Down the ramp with a big splash

It’s been a long time coming (in fact the bulk of the work was completed nearly a year ago), but the new Computers Unlimited website is finally live. Among the fresh features is a special offers page for toner, printer ribbons and ink cartridges, a printer consumable search and even a blog.

The website has been written using my e-commerce system, called TwistShop for reasons which shall become clear soon. Eventually I hope to offer this as an easily-deployed application to my clients, along with my content management system TwistCMS and the projectGenie project management system. The fact that these three cornerstones of my website development services have been built for real websites doing real business, not just on a whim, means that when someone approaches me to help them get the best from the web I have the tools available to do so.

So, if you’re looking for Brother toner and ink, Panasonic printer ribbons or Xerox fax supplies you now know where to go.

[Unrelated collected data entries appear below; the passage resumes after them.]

Section DSystemIdeals.
Variables (R : pzRingType) (d : nat) (I : nat -> nat -> R -> Prop).
Hypothesis hI : dsystem d I.
Local Notation bounded i := (1 <= i <= d.+1)%N.

Lemma dsys_ideal i j : bounded i -> bounded j -> two_sided_ideal (I i j).
Proof. by case: hI => h _ _; apply: h. Qed.

Lemma dsys0 i j : bounded i -> bounded j -> I i j 0.
Proof. by move=> hi hj; case: (dsys_ideal hi hj). Qed.

Lemma dsysB i j x y : bounded i -> bounded j -> I i j x -> I i j y -> I i j (x - y).
Proof. by move=> hi hj; case: (dsys_ideal hi hj) => _ h _ _; apply: h. Qed.

Lemma dsysN i j x : bounded i -> bounded j -> I i j x -> I i j (- x).
Proof. by move=> hi hj hx; rewrite -sub0r; apply: dsysB => //; apply: dsys0. Qed.

Lemma dsysD i j x y : bounded i -> bounded j -> I i j x -> I i j y -> I i j (x + y).
Proof. by move=> hi hj hx hy; rewrite -[y]opprK; apply: dsysB => //; apply: dsysN. Qed.

Lemma dsysMr i j r x : bounded i -> bounded j -> I i j x -> I i j (x * r).
Proof. by move=> hi hj; case: (dsys_ideal hi hj) => _ _ _; apply. Qed.

Lemma dsys_full i j x : bounded i -> bounded j -> (j <= i)%N -> I i j x.
Proof. by case: hI => _ _ h hi hj hji; apply: h. Qed.

Lemma dsys_antimono i j k x :
  bounded i -> bounded j -> bounded k -> (j <= k)%N -> I i k x -> I i j x.
Proof.
move=> hi hj hk hjk hx; rewrite -[x]mulr1; case: hI => _ hmul hfull.
by apply: (hmul i k j) => //; apply: hfull.
Qed.

Lemma dsys_sum i j (T : Type) (s : seq T) (P : pred T) (F : T -> R) :
  bounded i -> bounded j -> (forall p, P p -> I i j (F p)) ->
  I i j (\sum_(p <- s | P p) F p).
Proof.
move=> hi hj hF; apply: big_ind => //; first exact: dsys0.
by move=> x y; apply: dsysD.
Qed.

End DSystemIdeals.

Lemma dsystem_pred (R : pzRingType) d (I : nat -> nat -> R -> Prop) :
  dsystem d.+2 I -> dsystem d.+1 I.
Proof.
case=> h1 h2 h3; split.
- by move=> i j hi hj; apply: h1; lia.
- by move=> i j k hi hj hk; apply: h2; lia.
- by move=> i j hi hj hji; apply: h3; lia.
Qed.

Lemma mxE_mulmx_delta (R : pzRingType) m n p (A : 'M[R]_(m, n)) (k : 'I_n) (l : 'I_p) i j :
  (A *m delta_mx k l) i j = A i k * (j == l)%:R.
Proof.
rewrite !mxE (bigD1 k) //= big1 => [|x /negbTE hx]; last by rewrite !mxE hx mulr0.
by rewrite !mxE eqxx addr0.
Qed.

Lemma mxE_delta_mulmx (R : pzRingType) m n p (A : 'M[R]_(n, p)) (k : 'I_m) (l : 'I_n) i j :
  (delta_mx k l *m A) i j = (i == k)%:R * A l j.
Proof.
rewrite !mxE (bigD1 l) //= big1 => [|x /negbTE hx]; last by rewrite !mxE hx andbF mul0r.
by rewrite !mxE eqxx andbT addr0.
Qed.

Lemma edE (R : pzRingType) n : ed R n.+1 = delta_mx ord_max ord_max.
Proof.
apply/matrixP => i j; rewrite !mxE.
case: (eqVneq i j) => [<-|hij] /=.
  by rewrite andbb; congr (_%:R); apply/eqP/eqP => [h|->] //; apply: val_inj => /=; lia.
case: (eqVneq i ord_max) => [hi|] //=; case: (eqVneq j ord_max) => [hj|] //=.
by move: hij; rewrite hi hj eqxx.
Qed.

Section Algebra.
Variables (R : pzRingType) (n : nat) (I : nat -> nat -> R -> Prop).
Hypothesis hI : dsystem n.+1 I.
Local Notation e := (ed R n.+1).

Lemma Aeq_refl (M : 'M[R]_n.+1) : Aeq I M M.
Proof. by move=> i j; rewrite subrr; apply: (dsys0 hI); ord_lia. Qed.

Lemma Amem_mul_delta_max (M : 'M[R]_n.+1) (k : 'I_n.+1) :
  (forall i : 'I_n.+1, I i.+1 n.+1 (M i k)) -> Amem I (M *m delta_mx k ord_max).
Proof.
move=> hM i j; rewrite mxE_mulmx_delta; case: (eqVneq j ord_max) => [->|_].
  by rewrite mulr1.
by rewrite mulr0; apply: (dsys0 hI); ord_lia.
Qed.

Lemma AeAmemP (M : 'M[R]_n.+1) :
  AeAmem I M <-> forall i j : 'I_n.+1, I i.+1 n.+1 (M i j).
Proof.
split=> [[_ [s [hs hM]]] i j | hM].
  have hsum : I i.+1 n.+1 ((\sum_(p <- s) p.1 *m e *m p.2) i j).
    rewrite summxE big_seq; apply: (dsys_sum hI) => [||p /hs [h1 _]]; try ord_lia.
    rewrite -mulmxA edE mxE; apply: (dsys_sum hI) => [||k _]; try ord_lia.
    rewrite mxE_delta_mulmx; case: (eqVneq k ord_max) => [->|_].
      by rewrite mul1r; apply: (dsysMr hI); [ord_lia | ord_lia | exact: (h1 i ord_max)].
    by rewrite mul0r mulr0; apply: (dsys0 hI); ord_lia.
  rewrite -[M i j](subrK ((\sum_(p <- s) p.1 *m e *m p.2) i j)).
  by apply: (dsysD hI) hsum; try ord_lia; apply: (dsys_antimono hI) (hM i j); ord_lia.
split; first by move=> i j; apply: (dsys_antimono hI) (hM i j); ord_lia.
(* [M = sum_j (M e_{jd}) e_d e_{dj}], and [e_{dj}] lies in [A] as [I_{d,j} = R]. *)
exists [seq (M *m delta_mx j ord_max, delta_mx ord_max j) | j <- index_enum 'I_n.+1].
split.
  move=> _ /mapP [j _ ->]; have hj := ltn_ord j.
  split; first by apply: Amem_mul_delta_max => i; apply: hM.
  move=> a b; rewrite mxE; case: (eqVneq a ord_max) => [->|_] /=.
    by case: (eqVneq b j) => [->|_] /=; [apply: (dsys_full hI) | apply: (dsys0 hI)]; ord_lia.
  by apply: (dsys0 hI); ord_lia.
move=> a b; rewrite summxE big_map.
rewrite (eq_bigr (fun j => M a j * (b == j)%:R)); last first.
  by move=> j _; rewrite edE -!mulmxA !mul_delta_mx mxE_mulmx_delta.
rewrite (bigD1 b) //= eqxx mulr1 big1 ?addr0; first exact: Aeq_refl.
by move=> j; rewrite eq_sym => /negbTE ->; rewrite mulr0.
Qed.

Lemma Aemem_offcol (M : 'M[R]_n.+1) (i j : 'I_n.+1) :
  Aemem I M -> j != ord_max -> I i.+1 n.+2 (M i j).
Proof.
move=> [_ [N _ hM]] hj; have := hM i j.
by rewrite edE mxE_mulmx_delta (negbTE hj) mulr0 subr0.
Qed.

Lemma AeA_isomorphic_AeSum : mod_isomorphic (Aring n.+1 I) (AeA n.+1 I) (AeSum n.+1 I).
Proof.
exists (fun M k => M *m delta_mx k ord_max); split.
- move=> M /AeAmemP hM k; have hMk := Amem_mul_delta_max (fun i => hM i k).
  split=> //; exists (M *m delta_mx k ord_max) => //.
  by rewrite edE -mulmxA mul_delta_mx; exact: Aeq_refl.
- move=> M N _ _; split=> [h k i j | h i j].
    by rewrite !mxE_mulmx_delta -mulrBl; apply: (dsysMr hI); try ord_lia; apply: h.
  by have := h j i ord_max; rewrite !mxE_mulmx_delta eqxx !mulr1.
- move=> F hF; exists (\matrix_(i, j) F j i ord_max).
    by apply/AeAmemP => i j; rewrite mxE; case: (hF j) => h _; exact: (h i ord_max).
  move=> k i j; rewrite mxE_mulmx_delta mxE; case: (eqVneq j ord_max) => [->|hj].
    by rewrite mulr1 subrr; apply: (dsys0 hI); ord_lia.
  by rewrite mulr0 sub0r; apply: (dsysN hI); try ord_lia; apply: Aemem_offcol.
- by move=> M N _ _ /= k; rewrite mulmxDl; exact: Aeq_refl.
- by move=> a M _ _ /= k; rewrite mulmxA; exact: Aeq_refl.
Qed.

Lemma eAe_offcorner (M N : 'M[R]_n.+1) (i j : 'I_n.+1) :
  Aeq I M (e *m N *m e) -> ~~ ((i == ord_max) && (j == ord_max)) -> I i.+1 n.+2 (M i j).
Proof.
move=> hM hij; have := hM i j; rewrite edE mxE_mulmx_delta mxE_delta_mulmx.
case: (eqVneq i ord_max) hij => [_|_] /=; case: (eqVneq j ord_max) => //= _ _;
  by rewrite ?mulr0 ?mul0r subr0.
Qed.

Lemma eAe_isomorphic_RmodI : ring_isomorphic (eAe n.+1 I) (RmodI n.+1 I).
Proof.
exists (fun M => M ord_max ord_max); split=> //; split.
- move=> M N [_ [M' _ hM]] [_ [N' _ hN]].
  split=> [h | h i j]; first exact: (h ord_max ord_max).
  case: (boolP ((i == ord_max) && (j == ord_max))) => [/andP [/eqP -> /eqP ->] // | hij].
  by apply: (dsysB hI);
    [ord_lia | ord_lia | exact: eAe_offcorner hM _ | exact: eAe_offcorner hN _].
- move=> u _.
  pose X : 'M[R]_n.+1 := \matrix_(i, j) (((i == ord_max) && (j == ord_max))%:R * u).
  have hX : Amem I X.
    move=> i j; rewrite mxE; case: (eqVneq i ord_max) => [->|_] /=.
      by case: (eqVneq j ord_max) => [->|_] /=; rewrite ?mul1r ?mul0r;
        [apply: (dsys_full hI) | apply: (dsys0 hI)]; ord_lia.
    by rewrite mul0r; apply: (dsys0 hI); ord_lia.
  exists X; last by rewrite /= mxE !eqxx mul1r subrr; apply: (dsys0 hI); ord_lia.
  split=> //; exists X => // i j; rewrite edE mxE_mulmx_delta mxE_delta_mulmx !mxE !eqxx /=.
  by case: eqP => _; case: eqP => _ /=;
    rewrite ?mul0r ?mul1r ?mulr0 ?mulr1 subrr; apply: (dsys0 hI); ord_lia.
- by move=> M N _ _ /=; rewrite !mxE subrr; apply: (dsys0 hI); ord_lia.
- move=> M N [_ [M' _ hM]] _ /=.
  rewrite mxE (bigD1 ord_max) //= addrAC subrr add0r.
  apply: (dsys_sum hI) => [||k hk]; try ord_lia; apply: (dsysMr hI); try ord_lia.
  by apply: (eAe_offcorner (i := ord_max) (j := k) hM); rewrite (negbTE hk) andbF.
- by rewrite /= edE mxE !eqxx subrr; apply: (dsys0 hI); ord_lia.
Qed.

End Algebra.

Securely storing passwords

I’ve been doing a bit of reading lately about the correct way to store passwords, normally in a database. Obviously keeping passwords in plain text (i.e. no encryption) is A Bad Thing for obvious reasons. We’ve all done it at some point, but now is the time to stop.

The secret to getting over the “dunce” level of securing passwords is to use more than just a hash of a password, and instead throw a little salt into the recipe. A salt is basically an extra ingredient that mixes up your hashes and makes them bitter to crackers. Am I taking the analogy too far? Yes, yes I am.

So, I suggest the following (this is in PHP):

md5(md5("password") . "password");

Why? Well, it’s really easy to understand and implement. It means you don’t have to store the salt for your hashes anywhere – the password generates it’s own. Plus every salt is different. Plus it’s a constant length.

I’m not pretending it’s the most secure way in the world to store passwords, but for a better-than-average method it’s pretty good. Or I think so, at least. Any comments?

Proto-Proto-Former

Everyone knows I’m a fan of the Prototype JavaScript framework. But even I realise that for a novice getting the best out of it can be a daunting task. So I wrote a simple library called Performer to allow you to use some of the Prototype features without writing a single line of javaScript, instead using CSS rules.

There’s now another way for people to get started with Prototype using Protoscript, a simplified language that gives you lots of nifty features such as fading, drag-and-drop, toggling and much more. It looks good, although it like many JavaScript libraries (except mine, fnar fnar) it doesn’t provide you a way to separate JavaScript from HTML without some extra work. Still, the drag and drop thing is cool.

Unique content for your WordPress blog – automatically

I’m undecided whether to hail this as a breakthrough: the new WordPress Rewriter Plugin. In a nutshell it takes content and using "a thesaurus database of more than 40000 words" will rewrite the content to be completely unique. That supposedly leads to better search engine results, just as duplicate content leads to penalties.

So, will we now have thousands of quick-buck cowboys ripping off articles left , right and centre? Probably, especially as the $9 price tag is more than low enough for people to give it a try.

Apparently it also has a little trick that will increase traffic by a power of 3. Maybe it’s something to do with page titles (they are one of the most important bits of information that a search engine looks at) but they are coy on the matter. One thing I do know – there will be a lot of people trying this plugin.